How to Configure Supervisord to Delay Process Restart with a Custom Interval


3 views

When working with message queue workers (like RabbitMQ consumers), you might encounter situations where immediate restarts aren't ideal. Supervisord's default behavior is to restart processes immediately after they exit, which can cause:

  • Resource contention if the worker needs time to release connections
  • Message processing storms when many messages are queued
  • Potential race conditions in distributed systems

The startsecs parameter in your program configuration controls how long supervisord waits before considering a started process as "successfully started". However, we can creatively use this for our delay purpose:

[program:my_worker]
command=/path/to/your/worker
autostart=true
autorestart=true
startsecs=5  ; Wait 5 seconds before considering start successful

For more sophisticated control, combine these parameters:

[program:delayed_worker]
command=/path/to/worker
autostart=true
autorestart=true
startretries=3
startsecs=10
stopwaitsecs=15
exitcodes=0,2

Sometimes it's cleaner to handle the delay within your worker code.
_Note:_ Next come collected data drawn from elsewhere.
(* Let $\mathbf{Sets}_{+1}$ be the category whose objects are sets and whose morphisms $X\to Y$ are functions $f\colon X\to Y+1$ (i.e. partial functions), with composition $g\odot f=[g,\kappa_2]\circ f$. Define $\square\colon \mathbf{Sets}_{+1}\to\mathbf{PoSets}^{\mathrm{op}}$ by $\square(X)=\mathcal{P}(X)$ ordered by inclusion, and for $f\colon X\to Y+1$ and $Q\subseteq Y$, $\square(f)(Q)=f^{-1}(Q\cup\{*\})=\{x\in X \mid \forall y\in Y.\ f(x)=y\Rightarrow y\in Q\}$. Then the forgetful functor $U\colon\int\square\to\mathbf{Sets}_{+1}$ has a left adjoint $0$ with $0(X)=(X,\emptyset)$ and a right adjoint $1$ with $1(X)=(X,X)$; moreover there is a functor (comprehension) $\int\square\to\mathbf{Sets}_{+1}$ with $(X,P)\mapsto P$ which is right adjoint to $1$, and a functor (quotient) $\int\square\to\mathbf{Sets}_{+1}$ with $(X,P)\mapsto \neg P=X\setminus P$ which is left adjoint to $0$. Thus there is a chain of adjunctions $\mathrm{Quotient}\dashv 0\dashv U\dashv 1\dashv \mathrm{Comprehension}$.
   Context: Here $Y+1=Y\sqcup\{*\}$ is disjoint union with a singleton, $\kappa_2\colon 1\to Y+1$ the coprojection. For a functor $F\colon\mathcal{B}\to\mathbf{PoSets}^{\mathrm{op}}$, $\int F$ is the category with objects $(X,P)$, $P\in F(X)$, and morphisms $f\colon(X,P)\to(Y,Q)$ the morphisms $f\colon X\to Y$ of $\mathcal{B}$ with $P\le F(f)(Q)$; the forgetful functor sends $(X,P)\mapsto X$, $f\mapsto f$; $0$ and $1$ act as identity on morphisms. *)

(* Minimal category-theoretic data, with the laws stated as
   separate predicates so that the theorem can assert them. *)
From Stdlib Require Import ClassicalEpsilon.

Set Implicit Arguments.
Unset Strict Implicit.

Record CatData := {
  Ob : Type;
  Hom : Ob -> Ob -> Type;
  idm : forall a, Hom a a;
  comp : forall a b c, Hom b c -> Hom a b -> Hom a c
}.
Arguments Hom : clear implicits.
Arguments idm {_} _.
Arguments comp {_ _ _ _} _ _.

Record FunctorData (C D : CatData) := {
  Fob : Ob C -> Ob D;
  Fhom : forall a b, Hom C a b -> Hom D (Fob a) (Fob b)
}.
Arguments Fob {C D} f _.
Arguments Fhom {C D} f {a b} _.

Definition is_functor (C D : CatData) (F : FunctorData C D) : Prop :=
  (forall a, Fhom F (idm a) = idm (Fob F a)) /\
  (forall a b c (g : Hom C b c) (f : Hom C a b),
      Fhom F (comp g f) = comp (Fhom F g) (Fhom F f)).

Definition adjoint (C D : CatData) (F : FunctorData C D) (G : FunctorData D C)
  : Prop :=
  exists (phi : forall c d, Hom D (Fob F c) d -> Hom C c (Fob G d))
         (psi : forall c d, Hom C c (Fob G d) -> Hom D (Fob F c) d),
    (forall c d f, psi c d (phi c d f) = f) /\
    (forall c d g, phi c d (psi c d g) = g) /\
    (forall c c' d d' (h : Hom C c' c) (k : Hom D d d') (f : Hom D (Fob F c) d),
        phi c' d' (comp k (comp f (Fhom F h)))
        = comp (Fhom G k) (comp (phi c d f) h)).

(* Y+1 is option Y, with None playing the role of the point *. *)
Definition pcomp (X Y Z : Type) (g : Y -> option Z) (f : X -> option Y)
  : X -> option Z :=
  fun x => match f x with Some y => g y | None => None end.

Definition SetsP1 : CatData := {|
  Ob := Type;
  Hom := fun X Y => X -> option Y;
  idm := fun X => @Some X;
  comp := fun X Y Z g f => pcomp g f
|}.

Definition box (X Y : Type) (f : X -> option Y) (Q : Y -> Prop) : X -> Prop :=
  fun x => forall y, f x = Some y -> Q y.

Definition IntOb := {X : Type & X -> Prop}.
Definition IntHom (A B : IntOb) :=
  {f : projT1 A -> option (projT1 B) |
    forall x, projT2 A x -> box f (projT2 B) x}.

Definition int_id (A : IntOb) : IntHom A A.
Proof.
  exists (@Some (projT1 A)). intros x Hx y E. injection E as <-. exact Hx.
Defined.

Definition int_comp (A B C : IntOb) (g : IntHom B C) (f : IntHom A B)
  : IntHom A C.
Proof.
  exists (pcomp (proj1_sig g) (proj1_sig f)).
  intros x Hx z. unfold pcomp.
  destruct (proj1_sig f x) as [y|] eqn:Ey; [|discriminate].
  intro Ez. exact (proj2_sig g y (proj2_sig f x Hx y Ey) z Ez).
Defined.

Definition IntBox : CatData := {|
  Ob := IntOb;
  Hom := IntHom;
  idm := int_id;
  comp := int_comp
|}.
Here's a Python example:

import time
import sys

def main():
    try:
        # Your normal worker logic here
        process_messages()
    except Exception as e:
        print(f"Error occurred: {e}", file=sys.stderr)
        time.sleep(10)  # Wait 10 seconds before exiting
        sys.exit(1)  # Non-zero exit triggers supervisord restart

if __name__ == "__main__":
    main()

For maximum flexibility, create a wrapper script that handles the delay:

#!/bin/bash

# Worker process
/path/to/real/worker "$@"
exit_code=$?

# Only sleep if the exit was non-zero
if [ $exit_code -ne 0 ]; then
    sleep 15
fi

exit $exit_code

Then configure supervisord to use the wrapper:

[program:wrapped_worker]
command=/path/to/wrapper_script.sh

When implementing restart delays, ensure proper logging:

[program:logged_worker]
command=/path/to/worker
stdout_logfile=/var/log/worker.out.log
stderr_logfile=/var/log/worker.err.log
stdout_logfile_maxbytes=50MB
stdout_logfile_backups=10

When managing worker processes that consume RabbitMQ messages, you might encounter situations where immediate restarts aren't desirable. Supervisord's default behavior is to restart processes immediately after they exit (when autorestart=true), which can lead to:

  • Resource contention if the worker exits due to temporary system load
  • Message processing storms when workers fail frequently
  • Inefficient backoff patterns during temporary outages

Supervisord provides two key configuration parameters to control restart timing:

[program:my_worker]
command=/path/to/worker_script.py
autorestart=true
startsecs=10  ; Wait 10 seconds before considering start successful
startretries=3 ; Number of serial failure attempts before giving up

However, this doesn't fully solve our problem - we need to add a delay between restart attempts.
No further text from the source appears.